Pursuant to FATCA, you may be required to provide information and tax documentation regarding your tax identity as well as that of your direct and indirect owners, which may be reported to HM Revenue & Customs (“HMRC”), and ultimately, the IRS. It is also possible that “foreign passthru payments,” as defined under FATCA, on any of the Securities or Conversion Shares may be subject to a withholding tax of 30%. Regulations implementing this rule have not yet been adopted or proposed and the IRS has indicated that withholding would only apply for payments made more than two years after the date on which final U.S. Treasury regulations defining the term “foreign passthru payment” are published in the U.S. Federal Register.

FATCA is particularly complex. You should consult your own tax advisor to obtain a more detailed explanation of FATCA and to learn how this legislation might affect you in your particular circumstance.

UK Taxation

The following disclosure supplements and should be read in addition to the disclosure set forth in the accompanying prospectus, beginning on page 50, under “Taxation.”

Stamp Duty and Stamp Duty Reserve Tax

The Finance Act 2019 introduced a new regime for hybrid capital instruments (the “HCI rules”). Since the HCI rules exempt the transfer of a hybrid capital instrument from all stamp duties, and since securities the transfer of which is exempt from all stamp duties are not chargeable securities for stamp duty reserve tax purposes, no liability to UK stamp duty or stamp duty reserve tax should arise on the issue or transfer of the Securities provided that the Securities each constitute a “hybrid capital instrument” for the purposes of the HCI rules and there are no arrangements, the main purpose, or one of the main purposes, of which is to secure a tax advantage.

The Securities should constitute “hybrid capital instruments” for the purposes of the HCI rules provided that:

 

   

we are entitled to defer or cancel a payment of interest under the Securities;

 

   

the Securities “have no other significant equity features”; and

 

   

we have made an election in respect of the Securities.

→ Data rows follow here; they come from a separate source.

Lemma last_a_le_large : eps / 2 < d1 + d2 ->
  Rabs (a1 (Z.of_nat (w + 1 + p')) - a2 (Z.of_nat (w + 1 + p'))) <= (1 + 4 / eps ^ 2) * (d1 + d2).
Proof.
  intro Hlg. destruct Hw1 as [[Pa1 [_ Pos1]] _]. destruct Hw2 as [[_ [_ Pos2]] _].
  set (n := (w + 1 + p')%nat).
  pose proof (Hab w Hw). pose proof (Hab n ltac:(unfold n; lia)).
  pose proof (jdiff1_le 0 ltac:(lia)) as X1. rewrite Nat.add_0_r in X1.
  pose proof (jdiff2_le p' ltac:(lia)) as X2. fold n in X2. unfold jdiff in X1, X2.
  assert (a1 (Z.of_nat n) = a1 (Z.of_nat w)) as ->.
  { unfold n. replace (Z.of_nat (w + 1 + p')) with (Z.of_nat w + Z.of_nat (S p'))%Z by lia. apply Pa1. }
  pose proof (Pos1 (Z.of_nat w)). pose proof (Pos2 (Z.of_nat n)).
  pose proof (Rabs_pos (b w - b1 (Z.of_nat w))). pose proof (Rabs_pos (b n - b2 (Z.of_nat n))).
  pose proof (Rle_abs (a1 (Z.of_nat w) - a w)) as R1. rewrite Rabs_minus_sym in R1.
  pose proof (Rle_abs (a2 (Z.of_nat n) - a n)) as R2. rewrite Rabs_minus_sym in R2.
  assert (Rabs (a1 (Z.of_nat w) - a2 (Z.of_nat n)) <= a1 (Z.of_nat w) + a2 (Z.of_nat n))
    by (apply Rabs_le; lra).
  assert (2 / eps <= 4 / eps ^ 2 * (d1 + d2)).
  { replace (2 / eps) with (4 / eps ^ 2 * (eps / 2)) by (field; lra).
    apply Rmult_le_compat_l; [apply four_div_sqr_nonneg, Heps| lra]. }
  unfold Rdiv in *. lra.
Qed.

Lemma glue_windows z : pdist a1 b1 a2 b2 z <= glue_const (S p') pi eps * (d1 + d2).
Proof.
  destruct Hw1 as [[Pa1 [Pb1 _]] _]. destruct Hw2 as [[Pa2 [Pb2 _]] _].
  destruct (Z_window_decomp (S p') w z ltac:(lia)) as [k [q [Hk ->]]].
  unfold pdist. rewrite !periodic_shift by assumption.
  pose proof (glue_const_ge2 (S p') pi eps Hpi Heps).
  pose proof d1_nonneg. pose proof d2_nonneg.
  destruct (Nat.eq_dec k p') as [->|Hkp].
  - pose proof last_b_le. unfold glue_const. simpl Nat.pred.
    pose proof (four_div_sqr_nonneg eps Heps). pose proof (window_lip_const_nonneg p' pi eps Hpi Heps).
    destruct (Rle_lt_dec (d1 + d2) (eps / 2)) as [Hsm|Hlg];
      [pose proof (last_a_le_small Hsm)| pose proof (last_a_le_large Hlg)]; nra.
  - pose proof (overlap_pdist_le k ltac:(lia)) as Hov. unfold pdist in Hov. nra.
Qed.

End Gluing.

Section NonnegGlb.

Variable E : R -> Prop.
Hypothesis E_inhabited : exists x, E x.
Hypothesis E_nonneg : forall x, E x -> 0 <= x.

Lemma Glb_Rbar_nonneg_finite : Glb_Rbar E = Finite (real (Glb_Rbar E)) /\ 0 <= real (Glb_Rbar E).
Proof.
  destruct (Glb_Rbar_correct E) as [Hlb Hgr]. destruct E_inhabited as [x0 Hx0].
  assert (Z : Rbar_le 0 (Glb_Rbar E)) by (apply Hgr; intros x Hx; apply E_nonneg, Hx).
  pose proof (Hlb x0 Hx0) as U.
  destruct (Glb_Rbar E); simpl in Z, U |- *; tauto.
Qed.

Lemma Glb_Rbar_nonneg_le x : E x -> real (Glb_Rbar E) <= x.
Proof.
  intro Hx. destruct Glb_Rbar_nonneg_finite as [Ef _].
  pose proof (proj1 (Glb_Rbar_correct E) x Hx) as H. rewrite Ef in H. exact H.
Qed.

Lemma Glb_Rbar_nonneg_ge y : (forall x, E x -> y <= x) -> y <= real (Glb_Rbar E).
Proof.
  intro Hy. destruct Glb_Rbar_nonneg_finite as [Ef _].
  assert (H : Rbar_le y (Glb_Rbar E)) by (apply Glb_Rbar_correct; intros x Hx; apply Hy, Hx).
  rewrite Ef in H. exact H.
Qed.

Lemma Glb_Rbar_nonneg_approx t : 0 < t -> exists x, E x /\ x <= real (Glb_Rbar E) + t.
Proof.
  intro Ht. apply NNPP. intro Hn.
  assert (real (Glb_Rbar E) + t <= real (Glb_Rbar E)); [|lra].
  apply Glb_Rbar_nonneg_ge. intros x Hx. apply Rnot_lt_le. intro Hlt. apply Hn. exists x. split; [exact Hx| lra].
Qed.

End NonnegGlb.

Lemma d_m_nonneg a b a' b' m : 0 <= d_m a b a' b' m.
Proof. apply Series_nonneg_terms. intro n. apply Rmult_le_pos; [left; apply exp_pos| apply jdiff_nonneg]. Qed.

Lemma dt_m_nonneg p a b a' b' m : 0 <= dt_m p a b a' b' m.
Proof. apply fsum_nonneg. intros; apply jdiff_nonneg. Qed.

Section TorusDistances.

Variables (p : nat) (a0 b0 : Z -> R) (a b : nat -> R) (m : nat).
Hypothesis H0 : periodic_jacobi p a0 b0.

Let E_d := fun r : R => exists a' b' : Z -> R, iso_torus p a0 b0 a' b' /\ r = d_m a b a' b' m.
Let E_dt := fun r : R => exists a' b' : Z -> R, iso_torus p a0 b0 a' b' /\ r = dt_m p a b a' b' m.

Let E_d_inhabited : exists x, E_d x.
Proof. exists (d_m a b a0 b0 m), a0, b0. repeat split; auto; apply H0. Qed.

Let E_dt_inhabited : exists x, E_dt x.
Proof. exists (dt_m p a b a0 b0 m), a0, b0. repeat split; auto; apply H0. Qed.

Let E_d_nonneg x : E_d x -> 0 <= x.
Proof. intros [a' [b' [_ ->]]]. apply d_m_nonneg. Qed.

Let E_dt_nonneg x : E_dt x -> 0 <= x.
Proof. intros [a' [b' [_ ->]]]. apply dt_m_nonneg. Qed.

Lemma d_torus_nonneg : 0 <= d_torus p a0 b0 a b m.
Proof. exact (proj2 (Glb_Rbar_nonneg_finite E_d E_d_inhabited E_d_nonneg)). Qed.

Lemma dt_torus_nonneg : 0 <= dt_torus p a0 b0 a b m.
Proof. exact (proj2 (Glb_Rbar_nonneg_finite E_dt E_dt_inhabited E_dt_nonneg)). Qed.

Lemma d_torus_le a' b' : iso_torus p a0 b0 a' b' -> d_torus p a0 b0 a b m <= d_m a b a' b' m.
Proof. intro HT. apply (Glb_Rbar_nonneg_le E_d E_d_inhabited E_d_nonneg). exists a', b'. auto. Qed.

Lemma dt_torus_le a' b' : iso_torus p a0 b0 a' b' -> dt_torus p a0 b0 a b m <= dt_m p a b a' b' m.
Proof. intro HT. apply (Glb_Rbar_nonneg_le E_dt E_dt_inhabited E_dt_nonneg). exists a', b'. auto. Qed.

Lemma d_torus_ge y : (forall a' b', iso_torus p a0 b0 a' b' -> y <= d_m a b a' b' m) ->
  y <= d_torus p a0 b0 a b m.
Proof.
  intro Hy. apply (Glb_Rbar_nonneg_ge E_d E_d_inhabited E_d_nonneg).
  intros x [a' [b' [HT ->]]]. apply Hy, HT.
Qed.

Lemma dt_torus_approx t : 0 < t ->
  exists a' b', iso_torus p a0 b0 a' b' /\ dt_m p a b a' b' m <= dt_torus p a0 b0 a b m + t.
Proof.
  intro Ht. destruct (Glb_Rbar_nonneg_approx E_dt E_dt_inhabited E_dt_nonneg t Ht)
    as [x [[a' [b' [HT ->]]] Hx]].
  exists a', b'. auto.
Qed.

End TorusDistances.

Lemma exp_le x y : x <= y -> exp x <= exp y.
Proof. intro H; destruct (Rle_lt_or_eq_dec x y H) as [h| ->]; [left; apply exp_increasing, h| lra]. Qed.

Lemma exp_mult_INR k x : exp (INR k * x) = exp x ^ k.
Proof.
  induction k; simpl pow; [rewrite Rmult_0_l, exp_0; reflexivity|].
  rewrite S_INR, Rmult_plus_distr_r, Rmult_1_l, exp_plus, IHk; ring.
Qed.

Lemma one_le_exp_nonneg x : 0 <= x -> 1 <= exp x.
Proof. intro H. rewrite <- exp_0. apply exp_le, H. Qed.

Lemma succ_le_exp_quarter k : INR k + 1 <= 4 * exp (INR k / 4).
Proof. pose proof (exp_ineq1_le (INR k / 4)). lra. Qed.

Lemma exp_neg_half_bounds : 0 < exp (- / 2) < 1.
Proof. split; [apply exp_pos|]. rewrite <- exp_0. apply exp_increasing. lra. Qed.

Lemma d_m_le_geometric a b a' b' m c : 0 <= c ->
  (forall k, jdiff a b a' b' (m + k) <= c * exp (INR k / 2)) ->
  d_m a b a' b' m <= c / (1 - exp (- / 2)).
Proof.
  intros Hc Hk. pose proof exp_neg_half_bounds.
  assert (Hs : is_series (fun k => c * exp (- / 2) ^ k) (c * / (1 - exp (- / 2)))).
  { apply (is_series_scal_l c (fun k => exp (- / 2) ^ k)), is_series_geom.
    rewrite Rabs_pos_eq; lra. }
  unfold d_m, Rdiv. rewrite <- (is_series_unique _ _ Hs).
  apply Series_le; [| eexists; exact Hs].
  intro k. split; [apply Rmult_le_pos; [left; apply exp_pos| apply jdiff_nonneg]|].
  rewrite <- exp_mult_INR.
  replace (INR k * - / 2) with (- INR k + INR k / 2) by field. rewrite exp_plus.
  pose proof (exp_pos (- INR k)). pose proof (Hk k). nra.
Qed.

Lemma jdiff_telescope a b (A B : nat -> Z -> R) n k :
  jdiff a b (A O) (B O) n <=
  jdiff a b (A k) (B k) n + fsum (fun i => pdist (A i) (B i) (A (S i)) (B (S i)) (Z.of_nat n)) k.
Proof.
  induction k; simpl fsum; [lra|].
  pose proof (jdiff_triangle a b (A k) (B k) (A (S k)) (B (S k)) n). lra.
Qed.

The Securities would “have no other significant equity features” provided that:

 

   

the Securities carry neither significant voting rights in HSBC Holdings nor a right to exercise a dominant influence over us;

 

   

any provision in the Securities for altering the amount of the debt is limited to write-down or conversion events in certain qualifying cases and that is not a right exercisable by the securityholders; one of the qualifying cases is where a provision is included solely because of a need to comply with a regulatory or other legal requirement; and

 

   

any provision for the securityholder to receive anything other than interest or principal is limited to conversion events in qualifying cases.

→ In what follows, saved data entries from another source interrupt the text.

(* Let $V\subset\mathbb{R}^d$ be a finite antichain, $p\in S_V$, and $v\in D_p$ with $p_i=v_i$. Then $v$ is an $i$-witness for $p$ if and only if there is no minimum $w\in V$ such that $w_i<v_i=p_i$ and, for every $j\neq i$, either $w_j\le v_j$ or $w_j<p_j$.
   Context: For $x,y\in\mathbb{R}^d$, $x\le y$ (dominance order) means $x_i\le y_i$ for all $i$; $y\rhd x$ means $y_i>x_i$ for all $i$; $y\rhd_i x$ means $y_i=x_i$ and $y_j>x_j$ for all $j\neq i$. $V\subset\mathbb{R}^d$ is a finite antichain in the dominance order (elements are called minima). The orthogonal surface $S_V$ is the topological boundary of $\langle V\rangle=\{x: x\ge v\text{ for some }v\in V\}$; equivalently $p\in S_V$ iff there is $v\in V$ with $v\le p$ and no $w\in V$ with $p\rhd w$. For $p\in S_V$, $D_p=\{v\in V:v\le p\}$. For $p\in S_V$, a minimum $v\in D_p$ is an $i$-witness for $p$ if there is $q\in S_V$ with $v\le p\le q$ and $q\rhd_i v$. *)

From mathcomp Require Import all_boot all_order all_algebra.
Set Implicit Arguments. Unset Strict Implicit. Unset Printing Implicit Defensive.
Import Order.TTheory GRing.Theory Num.Theory.
Local Open Scope ring_scope.

Section Ortho.
Variables (R : realFieldType) (d : nat).
Notation pt := 'rV[R]_d.

Definition dom_le (x y : pt) : Prop := forall i : 'I_d, x 0 i <= y 0 i.
Definition dom_gt (y x : pt) : Prop := forall i : 'I_d, x 0 i < y 0 i.
Definition dom_gt_at (i : 'I_d) (y x : pt) : Prop :=
  y 0 i = x 0 i /\ forall j : 'I_d, j != i -> x 0 j < y 0 j.

Definition antichain (V : seq pt) : Prop :=
  forall v w, v \in V -> w \in V -> dom_le v w -> v = w.

Definition on_surface (V : seq pt) (p : pt) : Prop :=
  (exists2 v, v \in V & dom_le v p) /\ ~ (exists2 w, w \in V & dom_gt p w).

Definition Dp (V : seq pt) (p : pt) (v : pt) : Prop := v \in V /\ dom_le v p.

Definition witness (V : seq pt) (i : 'I_d) (p v : pt) : Prop :=
  Dp V p v /\ exists q : pt, on_surface V q /\ dom_le v p /\ dom_le p q /\ dom_gt_at i q v.

End Ortho.

From mathcomp Require Import all_boot all_order all_algebra.
Set Implicit Arguments. Unset Strict Implicit. Unset Printing Implicit Defensive.
Import Order.TTheory GRing.Theory Num.Theory.
Local Open Scope ring_scope.

(* A point q with p <= q and q |>_i v strictly dominates every w that blocks
   v at p, so no such q lies on S_V when a blocking minimum exists.
   Conversely, raise p by a small e > 0 in every coordinate j <> i where v is
   tight (v_j = p_j): this gives q |>_i v, and choosing e below every positive
   gap w_j - p_j (w in V) ensures that a minimum strictly below q would block v. *)

Lemma exists_pos_lbound (R : realFieldType) (T : eqType) (s : seq T) (f : T -> R) :
  exists2 e : R, 0 < e & forall x, x \in s -> 0 < f x -> e <= f x.
Proof.
elim: s => [|x s [e e0 He]]; first by exists 1.
have [fx_gt0 | fx_le0] := ltP 0 (f x).
  exists (Num.min e (f x)); first by rewrite lt_min e0 fx_gt0.
  move=> y; rewrite inE => /orP [/eqP -> _ | ys fy_gt0].
    by rewrite ge_min lexx orbT.
  by rewrite ge_min He.
exists e => // y; rewrite inE => /orP [/eqP -> fx_gt0 | ys]; last exact: He.
by move: (lt_le_trans fx_gt0 fx_le0); rewrite ltxx.
Qed.

Section OrthogonalSurface.
Variables (R : realFieldType) (d : nat).
Notation pt := 'rV[R]_d.
Implicit Types (V : seq pt) (p q v w : pt) (i : 'I_d).

Definition blocks i p v w : Prop :=
  w 0 i < v 0 i /\ forall j : 'I_d, j != i -> (w 0 j <= v 0 j \/ w 0 j < p 0 j).

Lemma dom_gt_blocks i p q v w :
  dom_le p q -> dom_gt_at i q v -> blocks i p v w -> dom_gt q w.
Proof.
move=> pq [qvi qvj] [wvi wj] j.
have [-> | ji] := eqVneq j i; first by rewrite qvi.
case: (wj j ji) => [wvj | wpj]; first exact: le_lt_trans wvj (qvj j ji).
exact: lt_le_trans wpj (pq j).
Qed.

Lemma exists_gap_lbound V p :
  exists2 e : R, 0 < e &
    forall w j, w \in V -> p 0 j < w 0 j -> e <= w 0 j - p 0 j.
Proof.
have [e e0 He] := exists_pos_lbound [seq (w, j) | w <- V, j <- enum 'I_d]
  (fun wj => wj.1 0 wj.2 - p 0 wj.2).
exists e => // w j wV pwj; apply: (He (w, j)); last by rewrite subr_gt0.
by apply: allpairs_f; rewrite ?mem_enum.
Qed.

Definition raise_tight i p v (e : R) : pt :=
  \row_j (if j == i then p 0 i else if v 0 j < p 0 j then p 0 j else p 0 j + e).

Lemma raise_tightE i p v e j :
  raise_tight i p v e 0 j =
  if j == i then p 0 i else if v 0 j < p 0 j then p 0 j else p 0 j + e.
Proof. by rewrite mxE. Qed.

Lemma tight_eq p v j : dom_le v p -> ~~ (v 0 j < p 0 j) -> p 0 j = v 0 j.
Proof. by move=> vp; rewrite lt_neqAle vp andbT negbK => /eqP. Qed.

Lemma dom_le_raise_tight i p v e : 0 <= e -> dom_le p (raise_tight i p v e).
Proof.
move=> e_ge0 j; rewrite raise_tightE.
have [-> | _] := eqVneq j i; first by [].
by case: ifP => _; rewrite ?lerDl.
Qed.

Lemma dom_gt_at_raise_tight i p v e :
  0 < e -> dom_le v p -> p 0 i = v 0 i -> dom_gt_at i (raise_tight i p v e) v.
Proof.
move=> e_gt0 vp pvi; split=> [|j ji]; first by rewrite raise_tightE eqxx.
rewrite raise_tightE (negbTE ji); case: ifPn => // vpj.
by rewrite (tight_eq vp vpj) ltrDl.
Qed.

Lemma raise_tight_on_surface V i p v e :
  0 < e -> (forall w j, w \in V -> p 0 j < w 0 j -> e <= w 0 j - p 0 j) ->
  v \in V -> dom_le v p -> p 0 i = v 0 i ->
  ~ (exists2 w, w \in V & blocks i p v w) ->
  on_surface V (raise_tight i p v e).
Proof.
move=> e_gt0 e_gap vV vp pvi noblock.
have pq := dom_le_raise_tight i p v (ltW e_gt0).
split; first by exists v => // j; exact: le_trans (vp j) (pq j).
move=> [w wV qw]; apply: noblock; exists w => //; split.
  by move: (qw i); rewrite raise_tightE eqxx pvi.
move=> j ji; have [wvj | vwj] := leP (w 0 j) (v 0 j); first by left.
have [wpj | pwj] := ltP (w 0 j) (p 0 j); first by right.
move: (qw j); rewrite raise_tightE (negbTE ji).
case: ifPn => [vpj | /(tight_eq vp) pvj]; first by rewrite ltNge pwj.
have := e_gap w j wV; rewrite pvj => /(_ vwj).
by rewrite lerBrDl ltNge => ->.
Qed.

End OrthogonalSurface.

Theorem corollary4p4 (R : realFieldType) (d : nat) (V : seq 'rV[R]_d)
  (p v : 'rV[R]_d) (i : 'I_d) :
  antichain V -> on_surface V p -> Dp V p v -> p 0 i = v 0 i ->
  (witness V i p v <->
   ~ (exists2 w, w \in V &
        w 0 i < v 0 i /\
        forall j : 'I_d, j != i -> (w 0 j <= v 0 j \/ w 0 j < p 0 j))).
Proof.
move=> _ _ [vV vp] pvi; split.
  move=> [_ [q [[_ nothing_below_q] [_ [pq qv]]]]] [w wV wblocks].
  by apply: nothing_below_q; exists w => //; exact: dom_gt_blocks qv wblocks.
move=> noblock; split=> //.
have [e e_gt0 e_gap] := exists_gap_lbound V p.
exists (raise_tight i p v e); split; first exact: raise_tight_on_surface.
split=> //; split; first by apply: dom_le_raise_tight; exact: ltW.
exact: dom_gt_at_raise_tight.
Qed.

We will make a valid hybrid capital instrument election in respect of the Securities within the required timeframe pursuant to section 475C of the Corporation Tax Act 2009, and the Securities are not being issued in consequence of, or otherwise in connection with, any arrangements, the main purpose, or one of the main purposes of which, is to secure a tax advantage. It is consequently expected that the HCI rules should apply to the Securities such that they would benefit from the exemption from all stamp duties on transfer.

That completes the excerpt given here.